- Opening Delimiter -

(* For any $\varepsilon\in(0,1)$, $\delta>0$ and $\tau>0$ there is a CTMC $\mathcal{M}=(S,P,E,s_{init},L)$ with states $s,s'$ such that $\{s,s'\}$ is a block of a $\tau$-quasi-lumpability $\Omega$ of $\mathcal{M}$, but the pair $(s,s')$ satisfies neither the $\delta$-condition $|\ln E(s)-\ln E(s')|\leq\delta$ nor the $\varepsilon$-condition (for all $A\subseteq S$: $P(s,A)\leq P(s',R(A))+\varepsilon$) with respect to the equivalence relation $R$ induced by $\Omega$.
   Context: A CTMC $(S,P,E,s_{init},L)$: finite $S$, transition probabilities $P\colon S\to\mathrm{Distr}(S)$ with $P(s,A)=\sum_{a\in A}P(s,a)$, exit rates $E\colon S\to\mathbb{R}_{>0}$, initial state, labeling. For $R\subseteq S\times S$ and $A\subseteq S$, $R(A)=\{t\mid\exists a\in A:(a,t)\in R\}$. For $\tau\geq0$, a partition $\Omega=\{\Omega_1,\dots,\Omega_m\}$ of $S$ is a $\tau$-quasi-lumpability if for all $i,j$ and all $s,s'\in\Omega_i$: $|P(s,\Omega_j)E(s)-P(s',\Omega_j)E(s')|\leq\tau$. *)

From HB Require Import structures.
From mathcomp Require Import all_boot all_order all_algebra.
From mathcomp Require Import reals exp.
Set Implicit Arguments. Unset Strict Implicit. Unset Printing Implicit Defensive.
Import Order.TTheory GRing.Theory Num.Theory.
Local Open Scope ring_scope.

Record CTMC (R : realType) := MkCTMC {
  st : finType;
  AP : Type;
  Pr : st -> st -> R;
  Ex : st -> R;
  s_init : st;
  Lab : st -> AP -> bool;
}.

Definition wf_CTMC (R : realType) (M : CTMC R) : Prop :=
  (forall s t : st M, 0 <= Pr s t) /\
  (forall s : st M, \sum_(t : st M) Pr s t = 1) /\
  (forall s : st M, 0 < Ex s).

Definition PrSet (R : realType) (M : CTMC R) (s : st M) (A : {set st M}) : R :=
  \sum_(a in A) Pr s a.

Definition quasi_lumpability (R : realType) (M : CTMC R) (tau : R)
    (Om : {set {set st M}}) : Prop :=
  partition Om [set: st M] /\
  forall Bi Bj, Bi \in Om -> Bj \in Om ->
  forall s s', s \in Bi -> s' \in Bi ->
    `| PrSet s Bj * Ex s - PrSet s' Bj * Ex s' | <= tau.

Definition induced_rel (T : finType) (Om : {set {set T}}) (s t : T) : bool :=
  [exists B in Om, (s \in B) && (t \in B)].

Definition rel_image (T : finType) (Rl : T -> T -> bool) (A : {set T}) : {set T} :=
  [set t | [exists a in A, Rl a t]].

Definition delta_condition (R : realType) (M : CTMC R) (delta : R) (s s' : st M) : Prop :=
  `| ln (Ex s) - ln (Ex s') | <= delta.

Definition eps_condition (R : realType) (M : CTMC R) (eps : R)
    (Rl : st M -> st M -> bool) (s s' : st M) : Prop :=
  forall A : {set st M}, PrSet s A <= PrSet s' (rel_image Rl A) + eps.

(** Take the deterministic chain in which [s] jumps to an absorbing state [w],
    [s'] jumps to [s], and [E s = tau * e^-(delta + 1)], [E s' = tau].
    Quasi-lumpability only compares the products [P(t, B) * E t], which lie in
    [[0, E t]] and hence in [[0, tau]] for [t = s, s'], so [{s, s'}] together
    with [{w}] is a tau-quasi-lumpability.  Yet the log-rates of [s] and [s']
    differ by [delta + 1], and the class [{w}] of [w] is reached from [s] with
    probability 1 but from [s'] with probability 0. *)

From HB Require Import structures.
From mathcomp Require Import all_boot all_order all_algebra.
From mathcomp Require Import reals sequences exp.
From mathcomp Require Import lra.
Set Implicit Arguments. Unset Strict Implicit. Unset Printing Implicit Defensive.
Import Order.TTheory GRing.Theory Num.Theory.
Local Open Scope ring_scope.

Lemma sum_indicator (R : pzSemiRingType) (T : finType) (P : pred T) (x : T) :
  \sum_(t | P t) ((t == x)%:R : R) = (P x)%:R.
Proof.
case Px: (P x).
  rewrite (bigD1 x) //= eqxx big1 ?addr0 // => t /andP[_ /negbTE ->].
  exact: mulr0n.
rewrite big1 // => t Pt; suff /negbTE -> : t != x by [].
by apply: contraTneq Pt => ->; rewrite Px.
Qed.

Section PreimPartition.
Variables (T : finType) (rT : eqType) (f : T -> rT) (D : {set T}).

Lemma preim_partition_eq (B : {set T}) s t :
  B \in preim_partition f D -> s \in B -> t \in B -> f s = f t.
Proof.
by case/imsetP=> x _ ->; rewrite !inE => /andP[_ /eqP <-] /andP[_ /eqP <-].
Qed.

Lemma preim_partition_mem (B : {set T}) x :
  x \in D -> (forall y, (y \in B) = (y \in D) && (f x == f y)) ->
  B \in preim_partition f D.
Proof.
move=> Dx defB; apply/imsetP; exists x => //.
by apply/setP=> y; rewrite defB inE.
Qed.

Lemma induced_rel_preim_partition s t :
  induced_rel (preim_partition f D) s t -> f s = f t.
Proof. by case/existsP=> B /and3P[PB Bs Bt]; exact: preim_partition_eq PB Bs Bt. Qed.

Lemma rel_image_preim_partition A t :
  t \in rel_image (induced_rel (preim_partition f D)) A ->
  exists2 a, a \in A & f a = f t.
Proof.
rewrite inE => /existsP[a /andP[Aa /induced_rel_preim_partition fat]].
by exists a.
Qed.

End PreimPartition.

Section QuasiLumpability.
Variables (R : realType) (M : CTMC R).
Hypothesis wfM : wf_CTMC M.

Lemma PrSet_ge0 (s : st M) A : 0 <= PrSet s A.
Proof. by apply: sumr_ge0 => t _; case: wfM. Qed.

Lemma PrSet_le1 (s : st M) A : PrSet s A <= 1.
Proof.
case: wfM => Pr_ge0 [Pr_sum _]; rewrite -(Pr_sum s) /PrSet.
rewrite [leRHS](bigID (mem A)) /= lerDl.
by apply: sumr_ge0 => t _; apply: Pr_ge0.
Qed.

Lemma PrSet_Ex_bound (s : st M) A : 0 <= PrSet s A * Ex s <= Ex s.
Proof.
have Ex_gt0 : 0 < Ex s by case: wfM => _ [_]; apply.
apply/andP; split; first by rewrite mulr_ge0 ?PrSet_ge0 ?ltW.
by rewrite ler_piMl ?PrSet_le1 ?ltW.
Qed.

Lemma quasi_lumpability_slow_blocks (tau : R) (Om : {set {set st M}}) :
  0 <= tau -> partition Om [set: st M] ->
  (forall B s s', B \in Om -> s \in B -> s' \in B -> s != s' -> Ex s <= tau) ->
  quasi_lumpability tau Om.
Proof.
move=> tau_ge0 partOm slowOm; split=> // Bi Bj Om_i Om_j s s' Bs Bs'.
have [<-|neq_ss'] := eqVneq s s'; first by rewrite subrr normr0.
have Es := slowOm _ _ _ Om_i Bs Bs' neq_ss'.
have Es' := slowOm _ _ _ Om_i Bs' Bs; rewrite eq_sym neq_ss' in Es'.
have /andP[u0 u1] := PrSet_Ex_bound s Bj.
have /andP[v0 v1] := PrSet_Ex_bound s' Bj.
rewrite ler_norml; apply/andP; split; move/(_ isT): Es'; lra.
Qed.

End QuasiLumpability.

Section DeterministicChain.
Variables (R : realType) (T : finType) (next : T -> T) (E : T -> R) (init : T).

Definition det_CTMC : CTMC R :=
  @MkCTMC R T unit (fun s t => (t == next s)%:R) E init (fun _ _ => true).

Lemma PrSet_det (s : T) (A : {set T}) :
  PrSet (M := det_CTMC) s A = (next s \in A)%:R.
Proof. exact: sum_indicator. Qed.

Lemma wf_det_CTMC : (forall s, 0 < E s) -> wf_CTMC det_CTMC.
Proof. by move=> E_gt0; split=> [s t|]; [|split=> // s; rewrite sum_indicator]. Qed.

End DeterministicChain.

Section Counterexample.
Variables (R : realType) (delta tau : R).

Definition s_low : 'I_3 := @Ordinal 3 0 isT.
Definition s_tau : 'I_3 := @Ordinal 3 1 isT.
Definition s_sink : 'I_3 := @Ordinal 3 2 isT.

Definition next3 (i : 'I_3) : 'I_3 := if i == s_tau then s_low else s_sink.

Definition rate3 (i : 'I_3) : R :=
  if i == s_low then tau * expR (- (delta + 1))
  else if i == s_tau then tau else 1.

Definition chain3 : CTMC R := det_CTMC next3 rate3 s_low.

Definition Om3 : {set {set 'I_3}} := preim_partition (pred1 s_sink) [set: 'I_3].

End Counterexample.

Theorem proposition2 (R : realType) (eps delta tau : R) :
  0 < eps -> eps < 1 -> 0 < delta -> 0 < tau ->
  exists (M : CTMC R) (s s' : st M) (Om : {set {set st M}}),
    wf_CTMC M /\
    quasi_lumpability tau Om /\
    [set s; s'] \in Om /\
    ~ delta_condition delta s s' /\
    ~ eps_condition eps (induced_rel Om) s s'.
Proof.
move=> eps_gt0 eps_lt1 delta_gt0 tau_gt0.
have exp_gt0 : 0 < expR (- (delta + 1)) :> R by exact: expR_gt0.
have wf3 : wf_CTMC (chain3 delta tau).
  apply: wf_det_CTMC => i.
  by rewrite /rate3; do 2?case: ifP => _; rewrite ?mulr_gt0.
exists (chain3 delta tau), s_low, s_tau, Om3; split=> //; split.
  apply: quasi_lumpability_slow_blocks => //; first exact: ltW.
    exact: preim_partitionP.
  move=> B s s' Om_B Bs Bs' neq_ss'.
  have := preim_partition_eq Om_B Bs Bs'.
  case: s neq_ss' {Bs} => [[|[|[|//]]] ?]; case: s' {Bs'} => [[|[|[|//]]] ?] //= _ _.
  by rewrite /rate3 /= ler_piMr ?expR_le1; lra.
split.
  apply: (@preim_partition_mem _ _ _ _ _ s_low) => // y.
  by rewrite !inE; case: y => [[|[|[|//]]] ?].
split.
  rewrite /delta_condition /= /rate3 /= lnM ?posrE // expRK.
  by rewrite addrAC subrr add0r normrN gtr0_norm; lra.
move=> /(_ [set s_sink]); rewrite !PrSet_det /= /next3 /= in_set1 eqxx /=.
suff -> : (s_low \in rel_image (induced_rel Om3) [set s_sink]) = false.
  by rewrite add0r; lra.
apply/negbTE/negP => /rel_image_preim_partition[a].
by rewrite in_set1 => /eqP -> /=.
Qed.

- Closing Delimiter -

WHAT IS BEING ASKED: What are the exact lines from the beginning of the material through the line containing "Ex : st -> R;"? Write out those lines alone.

FINISHED EXERCISE:
(* For any $\varepsilon\in(0,1)$, $\delta>0$ and $\tau>0$ there is a CTMC $\mathcal{M}=(S,P,E,s_{init},L)$ with states $s,s'$ such that $\{s,s'\}$ is a block of a $\tau$-quasi-lumpability $\Omega$ of $\mathcal{M}$, but the pair $(s,s')$ satisfies neither the $\delta$-condition $|\ln E(s)-\ln E(s')|\leq\delta$ nor the $\varepsilon$-condition (for all $A\subseteq S$: $P(s,A)\leq P(s',R(A))+\varepsilon$) with respect to the equivalence relation $R$ induced by $\Omega$.
   Context: A CTMC $(S,P,E,s_{init},L)$: finite $S$, transition probabilities $P\colon S\to\mathrm{Distr}(S)$ with $P(s,A)=\sum_{a\in A}P(s,a)$, exit rates $E\colon S\to\mathbb{R}_{>0}$, initial state, labeling. For $R\subseteq S\times S$ and $A\subseteq S$, $R(A)=\{t\mid\exists a\in A:(a,t)\in R\}$. For $\tau\geq0$, a partition $\Omega=\{\Omega_1,\dots,\Omega_m\}$ of $S$ is a $\tau$-quasi-lumpability if for all $i,j$ and all $s,s'\in\Omega_i$: $|P(s,\Omega_j)E(s)-P(s',\Omega_j)E(s')|\leq\tau$. *)

From HB Require Import structures.
From mathcomp Require Import all_boot all_order all_algebra.
From mathcomp Require Import reals exp.
Set Implicit Arguments. Unset Strict Implicit. Unset Printing Implicit Defensive.
Import Order.TTheory GRing.Theory Num.Theory.
Local Open Scope ring_scope.

Record CTMC (R : realType) := MkCTMC {
  st : finType;
  AP : Type;
  Pr : st -> st -> R;
  Ex : st -> R;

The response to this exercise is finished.